About this task -> Scan the entries for lines with the word "Unset" and copy those lines.

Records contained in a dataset
(* Let $\mathcal A\in\mathbb R^{n\times p\times l}$ with $n\ge p$, and let $\mathcal A=\mathcal U*\mathcal S*\mathcal V^\top$ be a compact t-SVD of $\mathcal A$. Then $\mathcal P=\mathcal U*\mathcal V^\top$ (the $\mathcal P$-factor of the t-polar decomposition of $\mathcal A$) is an optimal solution of $\max_{\mathcal P\in\mathrm{St}(n,p,l)}\langle\mathcal A,\mathcal P\rangle$.
   Context: Frontal slices $A^{(i)}=\mathcal A(:,:,i)$. The t-product is $\mathcal A*\mathcal B=\operatorname{fold}(\operatorname{bcirc}(\mathcal A)\operatorname{unfold}(\mathcal B))$, where $\operatorname{bcirc}(\mathcal A)$ is the block circulant matrix with $(i,j)$ block $A^{(((i-j)\bmod l)+1)}$, $\operatorname{unfold}$ stacks frontal slices vertically, $\operatorname{fold}$ is its inverse. Transpose: $\mathcal A^\top$ has frontal slices $(A^{(1)})^\top,(A^{(l)})^\top,\dots,(A^{(2)})^\top$. $\mathcal I$ identity tensor. $\mathrm{St}(n,p,l)=\{\mathcal X\in\mathbb R^{n\times p\times l}:\mathcal X^\top*\mathcal X=\mathcal I\}$; a tensor $\mathcal V\in\mathbb R^{p\times p\times l}$ is orthogonal if $\mathcal V^\top*\mathcal V=\mathcal V*\mathcal V^\top=\mathcal I$. $\langle\mathcal A,\mathcal B\rangle=\sum a_{ijk}b_{ijk}$. The DFT $L(\mathcal A)$ has frontal slices $\sum_{j=1}^l\omega^{(k-1)(j-1)}A^{(j)}$, $\omega=e^{-2\pi\mathrm i/l}$. A compact t-SVD of $\mathcal A$ is a factorization $\mathcal A=\mathcal U*\mathcal S*\mathcal V^\top$ with $\mathcal U\in\mathrm{St}(n,p,l)$, $\mathcal V\in\mathbb R^{p\times p\times l}$ orthogonal and $\mathcal S\in\mathbb R^{p\times p\times l}$ f-diagonal (every frontal slice diagonal), where, by the paper's convention, the frontal slices of $L(\mathcal S)$ are diagonal with nonnegative real entries. *)

From mathcomp Require Import all_boot all_algebra.
From mathcomp Require Import complex.
From mathcomp Require Import reals trigo.
Set Implicit Arguments.
Unset Strict Implicit.
Unset Printing Implicit Defensive.
Import GRing.Theory Num.Theory.
Local Open Scope ring_scope.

Response below ->
Unset Strict Implicit.
Unset Printing Implicit Defensive.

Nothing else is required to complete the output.